Depuis quelque jours j'ai quelques soucis avec ma Magic Mouse.

En effet, du jour au lendemain *le balayage 2 doigts ne fonctionne plus sur ma souris*.

Je ne comprends pas pourquoi.

Les tests effectués sont :
1/ Redémarrage du mon mac mini
2/ ON/OFF de la souris

Dans les 2 cas il n'y a pas eu d'amélioration.

En terme d'incompatibilité (mais je n'y crois pas trop) :
J'ai 2 logiciels :
Mzoom -> pour améliorer la vitesse de déplacement de la souris
SteerMouse -> prog présent avant l'installation de la souris. utilisé par ma logitech précédente.

Merci pour vos commentaires et aide sur le sujet

Config :
Mac Mini
Mac OS 10.6.2


----------



## TiteLine (11 Décembre 2009)

Bonsoir,

Cela ne se serait-il pas produit après une MAJ (JAVA par exemple?)

Certains ont rencontré ce problème et une simple réparation des permissions l'aurait résolu.


----------



## Plgt (11 Décembre 2009)

Kalios, j'ai le même problème et la réparation des autorisations n'a pas réglé le problème 
Attendons les conseils des plus calés que nous...

---------- Nouveau message ajouté à 22h17 ---------- Le message précédent a été envoyé à 22h09 ----------

Rectification :
Avec un reboot en plus de la réparation des autorisation, tout fonctionne !


----------



## Kalios (11 Décembre 2009)

Merci Enrin,

En effet, la réparation des autorisations a permis de corriger le problème une fois le mac redémarré.

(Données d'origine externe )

(* For every $\delta>0$ there exist $n\ge1$, a pool $\mathcal D=\{(p_i,t_i)\}_{i=1}^n$ with $p_i\in[0,1]$, $t_i>0$, and a budget $T>0$, such that the greedy backward selection strategy based on individual accuracies (defined in the context) outputs an ensemble $S$ with majority-voting accuracy $q(S)\le 1/2+\delta$, while there is an index set $\mathcal L\subseteq\{1,\dots,n\}$ with $\sum_{i\in\mathcal L}t_i\le T$ and $q(\mathcal L)\ge 1-\delta$. In other words, the difference between the optimal constrained ensemble accuracy and the accuracy produced by this strategy can be arbitrarily close to $1/2$.
   Context: A pool consists of candidate members $i=1,\dots,n$, each with accuracy $p_i\in[0,1]$ and cost $t_i>0$; a budget $T>0$ is given. For a nonempty index set $\mathcal L$ with $|\mathcal L|=\ell$, the (majority voting) accuracy is $q(\mathcal L)=\sum_{k=\lfloor \ell/2\rfloor+1}^{\ell}\sum_{\mathcal I\subseteq\mathcal L,|\mathcal I|=k}\prod_{i\in\mathcal I}p_i\prod_{j\in\mathcal L\setminus\mathcal I}(1-p_j)$. An index set $\mathcal L$ is feasible if $\sum_{i\in\mathcal L}t_i\le T$. Greedy backward selection by accuracy: start with $S=\{1,\dots,n\}$; while $\sum_{i\in S}t_i>T$ and $|S|>1$, remove from $S$ a member with smallest accuracy $p_i$; afterwards, while $|S|>1$ and removing a member of smallest accuracy strictly increases $q(S)$, remove it; output $S$. *)

From HB Require Import structures.
From mathcomp Require Import all_boot all_order all_algebra.
From mathcomp Require Export reals.
Set Implicit Arguments. Unset Strict Implicit. Unset Printing Implicit Defensive.
Import Order.TTheory GRing.Theory Num.Theory.
Local Open Scope ring_scope.

Section Greedy.
Variables (R : numDomainType) (n : nat) (p t : 'I_n -> R) (T : R).

Definition q (L : {set 'I_n}) : R :=
  \sum_(I in powerset L | (#|L|./2 < #|I|)%N)
     ((\prod_(i in I) p i) * \prod_(j in L :\: I) (1 - p j)).

Definition cost (L : {set 'I_n}) : R := \sum_(i in L) t i.

Definition min_acc (S : {set 'I_n}) (i : 'I_n) : bool :=
  (i \in S) && [forall j in S, p i <= p j].

(* phase 1: while cost S > T and |S| > 1, remove a member of smallest accuracy
   (ties broken arbitrarily: all runs are modelled) *)
Inductive phase1 : {set 'I_n} -> {set 'I_n} -> Prop :=
| phase1_stop (S : {set 'I_n}) : ~ (T < cost S /\ (1 < #|S|)%N) -> phase1 S S
| phase1_step (S : {set 'I_n}) (i : 'I_n) (S' : {set 'I_n}) : T < cost S -> (1 < #|S|)%N -> min_acc S i ->
    phase1 (S :\ i) S' -> phase1 S S'.

Inductive phase2 : {set 'I_n} -> {set 'I_n} -> Prop :=
| phase2_stop_size (S : {set 'I_n}) : (#|S| <= 1)%N -> phase2 S S
| phase2_stop (S : {set 'I_n}) (i : 'I_n) : (1 < #|S|)%N -> min_acc S i -> q (S :\ i) <= q S ->
    phase2 S S
| phase2_step (S : {set 'I_n}) (i : 'I_n) (S' : {set 'I_n}) : (1 < #|S|)%N -> min_acc S i -> q S < q (S :\ i) ->
    phase2 (S :\ i) S' -> phase2 S S'.

Definition greedy_output (S : {set 'I_n}) : Prop :=
  exists S1, phase1 [set: 'I_n] S1 /\ phase2 S1 S.

End Greedy.

From HB Require Import structures.
From mathcomp Require Import all_boot all_order all_algebra.
From mathcomp Require Import reals.
From mathcomp Require Import ring lra zify.
Set Implicit Arguments. Unset Strict Implicit.
Import Order.TTheory GRing.Theory Num.Theory.
Local Open Scope ring_scope.

(* The pool consists of one expensive member of accuracy 1/2 + d whose cost 2m
   exhausts the budget, and 2m cheap members of accuracy 1/2 + d/2 and cost 1.
   Greedy selection by accuracy discards cheap members while the budget is
   exceeded and never the expensive one, so it ends with the expensive member
   alone, of accuracy 1/2 + d.  The 2m cheap members fit the budget as well,
   and every minority outcome among them has probability at most
   (c (1 - c))^m with c = 1/2 + d/2, so their majority vote errs with
   probability at most 4^m (c (1 - c))^m = (1 - d^2)^m, which is below d as
   soon as m d^3 > 1 by Bernoulli's inequality. *)

Lemma prodrD_powerset (R : comPzSemiRingType) (T : finType) (L : {set T})
    (F G : T -> R) :
  \prod_(i in L) (F i + G i) =
  \sum_(I in powerset L) (\prod_(i in I) F i * \prod_(i in L :\: I) G i).
Proof.
pose F' i := if i \in L then F i else 0.
pose G' i := if i \in L then G i else 1.
have -> : \prod_(i in L) (F i + G i) = \prod_i (F' i + G' i).
  by rewrite big_mkcond; apply: eq_bigr => i _; rewrite /F' /G'; case: ifP; rewrite ?add0r.
rewrite bigA_distr (bigID (fun I : {set T} => I \subset L)) /=.
rewrite [X in _ + X]big1 ?addr0 => [|J /subsetPn[i iJ iNL]]; last first.
  by rewrite (bigD1 i) //= iJ /F' (negbTE iNL) mul0r.
apply: eq_big => [J|J]; first by rewrite inE.
move=> JL; rewrite (bigID (mem J)) /=; congr (_ * _).
  by apply: eq_bigr => i iJ; rewrite iJ /F' (subsetP JL).
rewrite big_mkcond [RHS]big_mkcond; apply: eq_bigr => i _.
by rewrite in_setD /G'; case: (i \in J); case: (i \in L).
Qed.

Lemma bernoulli_ineq (R : realFieldType) (x : R) (m : nat) :
  0 <= x <= 1 -> (1 - x) ^+ m * (1 + m%:R * x) <= 1.
Proof.
case/andP=> x_ge0 x_le1; elim: m => [|m IHm]; first by rewrite expr0 mul0r addr0 mul1r.
have y_ge0 : 0 <= (1 - x) ^+ m by rewrite exprn_ge0 // subr_ge0.
have : 0 <= (1 - x) ^+ m * (m.+1%:R * (x * x)) by rewrite !mulr_ge0.
have -> : (1 - x) ^+ m.+1 * (1 + m.+1%:R * x) =
    (1 - x) ^+ m * (1 + m%:R * x) - (1 - x) ^+ m * (m.+1%:R * (x * x)).
  by rewrite exprSr -natr1; ring.
lra.
Qed.

Section MajorityAccuracy.
Variables (R : realFieldType) (n : nat) (p : 'I_n -> R).

(* the probability that, among the voters L, exactly those in I are right *)
Definition weight (L I : {set 'I_n}) : R :=
  \prod_(i in I) p i * \prod_(j in L :\: I) (1 - p j).

Lemma sum_weight L : \sum_(I in powerset L) weight L I = 1.
Proof. by rewrite -prodrD_powerset big1 // => i _; rewrite addrC subrK. Qed.

Lemma q_set1 x : q p [set x] = p x.
Proof.
rewrite /q (bigD1 [set x]) /=; last by rewrite powersetE subxx cards1.
rewrite [X in _ + X]big1 ?addr0 => [|I /andP[/andP[]]]; last first.
  by rewrite powersetE subset1 => /orP[->//|/eqP ->]; rewrite cards0 cards1.
by rewrite big_set1 setDv big_set0 mulr1.
Qed.

Lemma weight_minority_le (L I : {set 'I_n}) (c : R) (m : nat) :
    {in L, forall i, p i = c} -> #|L| = (2 * m)%N -> 1/2 <= c <= 1 ->
    I \subset L -> (#|I| <= m)%N ->
  weight L I <= (c * (1 - c)) ^+ m.
Proof.
move=> p_L card_L /andP[c_ge c_le1] IL I_le.
have c_ge0 : 0 <= c by lra.
have c'_ge0 : 0 <= 1 - c by lra.
have -> : weight L I = c ^+ #|I| * ((1 - c) ^+ (m - #|I|) * (1 - c) ^+ m).
  have card_LI : #|L :\: I| = (m - #|I| + m)%N by rewrite cardsD (setIidPr IL); lia.
  rewrite /weight -exprD -card_LI -!prodr_const; congr (_ * _); apply: eq_bigr => i.
    by move=> /(subsetP IL)/p_L.
  by move=> /setDP[/p_L ->].
rewrite mulrA exprMn -{3}(subnKC I_le) exprD.
apply: ler_wpM2r; first exact: exprn_ge0.
apply: ler_wpM2l; first exact: exprn_ge0.
by apply: lerXn2r; rewrite ?nnegrE //; lra.
Qed.

Lemma q_majority_ge (L : {set 'I_n}) (c : R) (m : nat) :
    {in L, forall i, p i = c} -> #|L| = (2 * m)%N -> 1/2 <= c <= 1 ->
  1 - (4 * c * (1 - c)) ^+ m <= q p L.
Proof.
move=> p_L card_L c_bounds.
have := sum_weight L; rewrite (bigID (fun I : {set 'I_n} => (#|L|./2 < #|I|)%N)) /=.
rewrite -/(q p L) => sum1.
suff : \sum_(I in powerset L | ~~ (#|L|./2 < #|I|)%N) weight L I <= (4 * c * (1 - c)) ^+ m.
  lra.
have K_ge0 : 0 <= (c * (1 - c)) ^+ m by rewrite exprn_ge0 //; nra.
apply: (@le_trans _ _ (\sum_(I in powerset L) (c * (1 - c)) ^+ m)).
  rewrite big_mkcondr; apply: ler_sum => I; rewrite powersetE => IL.
  case: ifP => [|_]; last exact: K_ge0.
  rewrite card_L mul2n doubleK -leqNgt.
  exact: weight_minority_le.
have -> : 4 * c * (1 - c) = 2%:R ^+ 2 * (c * (1 - c)) by ring.
by rewrite sumr_const card_powerset card_L [leRHS]exprMn -exprM -natrX mulr_natl.
Qed.

End MajorityAccuracy.

Lemma phase2_small (R : numDomainType) n (p : 'I_n -> R) (S S' : {set 'I_n}) :
  (#|S| <= 1)%N -> phase2 p S S' -> S' = S.
Proof.
move=> S_le1 phase2_S; elim: phase2_S S_le1 => // S0 i S1 S0_gt1 _ _ _ _.
by rewrite leqNgt S0_gt1.
Qed.

Lemma card_le1_set1 (T : finType) (S : {set T}) x :
  x \in S -> (#|S| <= 1)%N -> S = [set x].
Proof. by move=> xS S_le1; apply/eqP; rewrite eq_sym eqEcard sub1set xS cards1. Qed.

Section DominantMember.
Variables (R : realDomainType) (n : nat) (p t : 'I_n -> R) (T : R) (s : 'I_n).
Hypotheses (p_lt_s : forall j, j != s -> p j < p s) (t_gt0 : forall j, 0 < t j).
Hypothesis t_s : t s = T.

Lemma other_member (S : {set 'I_n}) : (1 < #|S|)%N -> exists2 j, j \in S & j != s.
Proof.
case/card_gt1P=> x [y [xS yS x_neq_y]].
by case: (eqVneq x s) => [x_s|]; [exists y; rewrite // -x_s eq_sym | exists x].
Qed.

Lemma min_acc_neq (S : {set 'I_n}) i : (1 < #|S|)%N -> min_acc p S i -> i != s.
Proof.
move=> /other_member[j jS j_neq_s] /andP[_ /forallP min_i].
apply/eqP => i_s; move: (min_i j); rewrite jS i_s /=.
by rewrite leNgt p_lt_s.
Qed.

Lemma cost_gt (S : {set 'I_n}) : s \in S -> (1 < #|S|)%N -> T < cost t S.
Proof.
move=> sS /other_member[j jS j_neq_s].
rewrite /cost (bigD1 s) //= (bigD1 j) /=; last by rewrite jS.
rewrite t_s ltrDl ltr_wpDr //; apply: sumr_ge0 => i _; exact: ltW.
Qed.

Lemma phase1_dominant (S S' : {set 'I_n}) :
  s \in S -> phase1 p t T S S' -> S' = [set s].
Proof.
move=> sS phase1_S; elim: phase1_S sS => {S S'} [S stop|S i S' _ S_gt1 min_i _ IH] sS.
  apply: card_le1_set1 => //; rewrite leqNgt; apply/negP => S_gt1.
  by apply: stop; split; first exact: cost_gt.
by apply: IH; rewrite in_setD1 sS andbT eq_sym (min_acc_neq S_gt1 min_i).
Qed.

Lemma phase1_dominant_exists (S : {set 'I_n}) : s \in S -> phase1 p t T S [set s].
Proof.
elim: {S}_.+1 {-2}S (ltnSn #|S|) => // k IHk S S_le sS.
have [S_le1|S_gt1] := leqP #|S| 1.
  rewrite {1}(card_le1_set1 sS S_le1); apply: phase1_stop => -[].
  by rewrite /cost big_set1 t_s ltxx.
case: (@arg_minP _ _ _ s (fun j => j \in S) p sS) => i iS min_i.
have min_acc_i : min_acc p S i by apply/andP; split => //; apply/forall_inP.
have i_neq_s := min_acc_neq S_gt1 min_acc_i.
apply: phase1_step (cost_gt sS S_gt1) S_gt1 min_acc_i _.
apply: IHk; last by rewrite in_setD1 sS andbT eq_sym.
by rewrite (cardsD1 i S) iS in S_le.
Qed.

Lemma greedy_output_dominant (S : {set 'I_n}) : greedy_output p t T S <-> S = [set s].
Proof.
split=> [[S1 [phase1_S1 phase2_S1]]|->].
  rewrite (phase1_dominant (in_setT s) phase1_S1) in phase2_S1.
  by rewrite (phase2_small _ phase2_S1) // cards1.
exists [set s]; split; first exact: phase1_dominant_exists (in_setT s).
by apply: phase2_stop_size; rewrite cards1.
Qed.

End DominantMember.

Definition gap_acc (R : realFieldType) (m : nat) (d : R) (i : 'I_(2 * m).+1) : R :=
  if i == ord_max then 1/2 + d else 1/2 + d/2.
Arguments gap_acc {R} m d i.

Definition gap_cost (R : realFieldType) (m : nat) (i : 'I_(2 * m).+1) : R :=
  if i == ord_max then (2 * m)%:R else 1.
Arguments gap_cost : clear implicits.

Lemma q_cheap_ge (R : realFieldType) (m : nat) (d : R) :
  0 < d <= 1/2 -> 1 < m%:R * d ^+ 3 -> 1 - d <= q (gap_acc m d) [set~ ord_max].
Proof.
move=> /andP[d_gt0 d_le] m_large.
have acc_cheap : {in [set~ ord_max], forall i, gap_acc m d i = 1/2 + d/2}.
  by move=> i; rewrite in_setC1 /gap_acc => /negbTE ->.
have card_cheap : #|[set~ @ord_max (2 * m)]| = (2 * m)%N by rewrite cardsC1 card_ord.
have c_bounds : 1/2 <= 1/2 + d/2 <= 1 by apply/andP; split; lra.
have := q_majority_ge acc_cheap card_cheap c_bounds.
have -> : 4 * (1/2 + d/2) * (1 - (1/2 + d/2)) = 1 - d ^+ 2 by field.
have d2_bounds : 0 <= d ^+ 2 <= 1 by apply/andP; split; nra.
have := bernoulli_ineq m d2_bounds.
have : 0 <= (1 - d ^+ 2) ^+ m by rewrite exprn_ge0 //; nra.
set y := (1 - d ^+ 2) ^+ m.
nra.
Qed.

Theorem proposition2 (R : realType) (delta : R) : 0 < delta ->
  exists (n : nat) (p t : 'I_n -> R) (T : R),
    [/\ (0 < n)%N,
        (forall i, 0 <= p i <= 1),
        (forall i, 0 < t i)
        & 0 < T] /\
    (exists S, greedy_output p t T S) /\
    (forall S, greedy_output p t T S -> q p S <= 1 / 2 + delta) /\
    (exists L : {set 'I_n}, [/\ L != set0, cost t L <= T & 1 - delta <= q p L]).
Proof.
move=> delta_gt0.
pose d := Num.min delta (1/2).
have d_gt0 : 0 < d by rewrite lt_min delta_gt0; lra.
have d_le : d <= delta /\ d <= 1/2 by rewrite !ge_min !lexx orbT.
pose m := (Num.truncn (d ^+ 3)^-1).+1.
have m_large : 1 < m%:R * d ^+ 3.
  by rewrite -ltr_pdivrMr ?exprn_gt0 // mul1r real_truncnS_gt ?num_real.
have acc_lt j : j != ord_max -> gap_acc m d j < gap_acc m d ord_max.
  by rewrite /gap_acc eqxx => /negbTE ->; lra.
have cost_gt0 j : 0 < gap_cost R m j.
  by rewrite /gap_cost; case: ifP => _; rewrite ?ltr01 // ltr0n muln_gt0.
have cost_max : gap_cost R m ord_max = (2 * m)%:R by rewrite /gap_cost eqxx.
have greedyE := greedy_output_dominant acc_lt cost_gt0 cost_max.
exists (2 * m).+1, (gap_acc m d), (gap_cost R m), (2 * m)%:R.
split; [split=> //|split; [|split]].
- by move=> i; rewrite /gap_acc; case: ifP; lra.
- by exists [set ord_max]; apply/greedyE.
- by move=> S /greedyE ->; rewrite q_set1 /gap_acc eqxx; lra.
exists [set~ ord_max]; split.
- by rewrite -card_gt0 cardsC1 card_ord.
- rewrite /cost (eq_bigr (fun=> 1)) => [|i]; last by rewrite in_setC1 /gap_cost => /negbTE ->.
  by rewrite sumr_const cardsC1 card_ord.
apply: le_trans (q_cheap_ge _ m_large); first by lra.
by apply/andP; split; lra.
Qed.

Merci pour ton efficacité.

Kalios


----------



## benbook (26 Juin 2010)

Bonjour, qu'es que c'est une "réparation des autorisations " ??

Merci d'avance


----------



## Deleted member 18124 (28 Juin 2010)

benbook a dit:


> Bonjour, qu'es que c'est une "réparation des autorisations " ??
> 
> Merci d'avance



Voir là ("Réparer les permissions sous OS X").


----------